> _About this task_
Would you output the entries below only from the line containing "jacobi_run (take t" through the line containing "have [g [g01 contracts]]", exactly as they stand and with both ends included?

Segment Start: Extracted information

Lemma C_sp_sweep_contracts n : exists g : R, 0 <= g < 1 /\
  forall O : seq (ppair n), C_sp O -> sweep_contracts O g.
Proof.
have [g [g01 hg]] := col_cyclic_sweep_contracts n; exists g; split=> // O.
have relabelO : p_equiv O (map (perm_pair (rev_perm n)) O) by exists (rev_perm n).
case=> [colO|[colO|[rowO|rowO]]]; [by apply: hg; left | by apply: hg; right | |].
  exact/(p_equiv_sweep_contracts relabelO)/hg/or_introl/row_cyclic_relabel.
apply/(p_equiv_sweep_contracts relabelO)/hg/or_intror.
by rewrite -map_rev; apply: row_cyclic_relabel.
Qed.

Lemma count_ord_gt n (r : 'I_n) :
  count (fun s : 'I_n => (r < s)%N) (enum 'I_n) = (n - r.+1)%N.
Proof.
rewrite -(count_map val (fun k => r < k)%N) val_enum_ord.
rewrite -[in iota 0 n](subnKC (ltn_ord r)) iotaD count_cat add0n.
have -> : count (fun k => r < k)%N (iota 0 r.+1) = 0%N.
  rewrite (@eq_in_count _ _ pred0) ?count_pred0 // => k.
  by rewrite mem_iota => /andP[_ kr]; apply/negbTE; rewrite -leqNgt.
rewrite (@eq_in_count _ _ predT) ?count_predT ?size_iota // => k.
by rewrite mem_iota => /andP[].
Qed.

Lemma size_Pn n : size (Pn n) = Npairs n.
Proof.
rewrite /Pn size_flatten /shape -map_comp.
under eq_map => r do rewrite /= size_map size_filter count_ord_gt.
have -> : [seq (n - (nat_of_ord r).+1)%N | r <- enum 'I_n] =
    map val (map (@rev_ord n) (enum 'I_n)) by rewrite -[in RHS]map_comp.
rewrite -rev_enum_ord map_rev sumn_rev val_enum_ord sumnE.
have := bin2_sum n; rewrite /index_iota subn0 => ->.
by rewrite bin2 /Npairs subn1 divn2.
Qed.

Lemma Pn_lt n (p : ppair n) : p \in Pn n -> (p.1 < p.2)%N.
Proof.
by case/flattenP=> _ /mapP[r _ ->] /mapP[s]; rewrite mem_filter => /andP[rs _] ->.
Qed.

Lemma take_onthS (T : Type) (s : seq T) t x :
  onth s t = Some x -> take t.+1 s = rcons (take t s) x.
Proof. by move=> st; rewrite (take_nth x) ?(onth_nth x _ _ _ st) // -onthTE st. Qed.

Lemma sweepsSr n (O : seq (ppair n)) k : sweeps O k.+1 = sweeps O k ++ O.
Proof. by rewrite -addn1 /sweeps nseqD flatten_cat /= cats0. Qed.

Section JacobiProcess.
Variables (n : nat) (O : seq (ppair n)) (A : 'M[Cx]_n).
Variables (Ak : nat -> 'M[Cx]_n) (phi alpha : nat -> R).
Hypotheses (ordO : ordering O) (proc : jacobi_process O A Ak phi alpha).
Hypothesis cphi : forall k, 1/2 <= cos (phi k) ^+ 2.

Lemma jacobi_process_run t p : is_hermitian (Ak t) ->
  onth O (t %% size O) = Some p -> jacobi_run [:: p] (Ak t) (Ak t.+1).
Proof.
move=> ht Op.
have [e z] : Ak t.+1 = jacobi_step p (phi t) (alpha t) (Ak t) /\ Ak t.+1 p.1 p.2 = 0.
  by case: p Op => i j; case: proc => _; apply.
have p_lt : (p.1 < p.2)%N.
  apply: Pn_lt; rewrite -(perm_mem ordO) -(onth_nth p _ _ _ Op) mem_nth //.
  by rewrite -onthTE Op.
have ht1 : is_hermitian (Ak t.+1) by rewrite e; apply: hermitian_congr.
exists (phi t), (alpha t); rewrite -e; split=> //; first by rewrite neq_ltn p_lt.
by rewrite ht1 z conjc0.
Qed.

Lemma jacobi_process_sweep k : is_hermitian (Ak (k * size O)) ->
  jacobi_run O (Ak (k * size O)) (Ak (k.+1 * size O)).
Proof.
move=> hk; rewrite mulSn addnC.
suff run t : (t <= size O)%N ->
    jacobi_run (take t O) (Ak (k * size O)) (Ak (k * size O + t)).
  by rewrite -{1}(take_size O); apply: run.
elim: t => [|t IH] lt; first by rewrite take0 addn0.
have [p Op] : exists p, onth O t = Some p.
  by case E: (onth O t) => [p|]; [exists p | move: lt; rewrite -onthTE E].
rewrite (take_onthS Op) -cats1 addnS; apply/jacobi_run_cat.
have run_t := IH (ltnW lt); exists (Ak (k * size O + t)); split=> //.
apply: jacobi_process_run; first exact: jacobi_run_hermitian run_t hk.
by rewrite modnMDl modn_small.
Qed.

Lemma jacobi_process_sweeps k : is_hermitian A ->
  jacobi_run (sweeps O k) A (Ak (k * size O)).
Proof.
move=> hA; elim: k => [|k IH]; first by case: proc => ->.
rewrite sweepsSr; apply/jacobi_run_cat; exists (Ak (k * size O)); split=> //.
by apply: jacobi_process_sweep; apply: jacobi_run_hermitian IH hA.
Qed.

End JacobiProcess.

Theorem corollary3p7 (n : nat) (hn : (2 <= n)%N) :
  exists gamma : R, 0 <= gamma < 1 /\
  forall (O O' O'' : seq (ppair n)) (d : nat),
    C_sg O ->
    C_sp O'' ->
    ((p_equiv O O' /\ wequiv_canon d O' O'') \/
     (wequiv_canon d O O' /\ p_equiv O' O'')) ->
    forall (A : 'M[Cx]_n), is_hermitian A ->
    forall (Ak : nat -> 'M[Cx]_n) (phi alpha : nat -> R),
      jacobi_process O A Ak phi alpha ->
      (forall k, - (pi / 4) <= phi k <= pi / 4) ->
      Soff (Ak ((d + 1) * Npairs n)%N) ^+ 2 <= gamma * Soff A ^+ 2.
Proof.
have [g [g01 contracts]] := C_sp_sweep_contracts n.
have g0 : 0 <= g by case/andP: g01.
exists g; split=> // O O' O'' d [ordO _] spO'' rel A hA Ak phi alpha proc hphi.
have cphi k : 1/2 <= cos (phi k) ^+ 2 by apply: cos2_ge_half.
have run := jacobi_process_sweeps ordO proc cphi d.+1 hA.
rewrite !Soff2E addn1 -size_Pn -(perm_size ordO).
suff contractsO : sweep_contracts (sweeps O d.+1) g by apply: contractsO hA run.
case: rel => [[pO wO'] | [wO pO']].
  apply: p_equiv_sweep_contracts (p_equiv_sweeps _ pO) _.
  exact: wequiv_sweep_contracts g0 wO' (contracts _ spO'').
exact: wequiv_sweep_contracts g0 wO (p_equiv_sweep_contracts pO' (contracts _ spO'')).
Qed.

Segment End: Extracted information

> _Answer space_
    jacobi_run (take t O) (Ak (k * size O)) (Ak (k * size O + t)).
  by rewrite -{1}(take_size O); apply: run.
elim: t => [|t IH] lt; first by rewrite take0 addn0.
have [p Op] : exists p, onth O t = Some p.
  by case E: (onth O t) => [p|]; [exists p | move: lt; rewrite -onthTE E].
rewrite (take_onthS Op) -cats1 addnS; apply/jacobi_run_cat.
have run_t := IH (ltnW lt); exists (Ak (k * size O + t)); split=> //.
apply: jacobi_process_run; first exact: jacobi_run_hermitian run_t hk.
by rewrite modnMDl modn_small.
Qed.

Lemma jacobi_process_sweeps k : is_hermitian A ->
  jacobi_run (sweeps O k) A (Ak (k * size O)).
Proof.
move=> hA; elim: k => [|k IH]; first by case: proc => ->.
rewrite sweepsSr; apply/jacobi_run_cat; exists (Ak (k * size O)); split=> //.
by apply: jacobi_process_sweep; apply: jacobi_run_hermitian IH hA.
Qed.

End JacobiProcess.

Theorem corollary3p7 (n : nat) (hn : (2 <= n)%N) :
  exists gamma : R, 0 <= gamma < 1 /\
  forall (O O' O'' : seq (ppair n)) (d : nat),
    C_sg O ->
    C_sp O'' ->
    ((p_equiv O O' /\ wequiv_canon d O' O'') \/
     (wequiv_canon d O O' /\ p_equiv O' O'')) ->
    forall (A : 'M[Cx]_n), is_hermitian A ->
    forall (Ak : nat -> 'M[Cx]_n) (phi alpha : nat -> R),
      jacobi_process O A Ak phi alpha ->
      (forall k, - (pi / 4) <= phi k <= pi / 4) ->
      Soff (Ak ((d + 1) * Npairs n)%N) ^+ 2 <= gamma * Soff A ^+ 2.
Proof.
have [g [g01 contracts]] := C_sp_sweep_contracts n.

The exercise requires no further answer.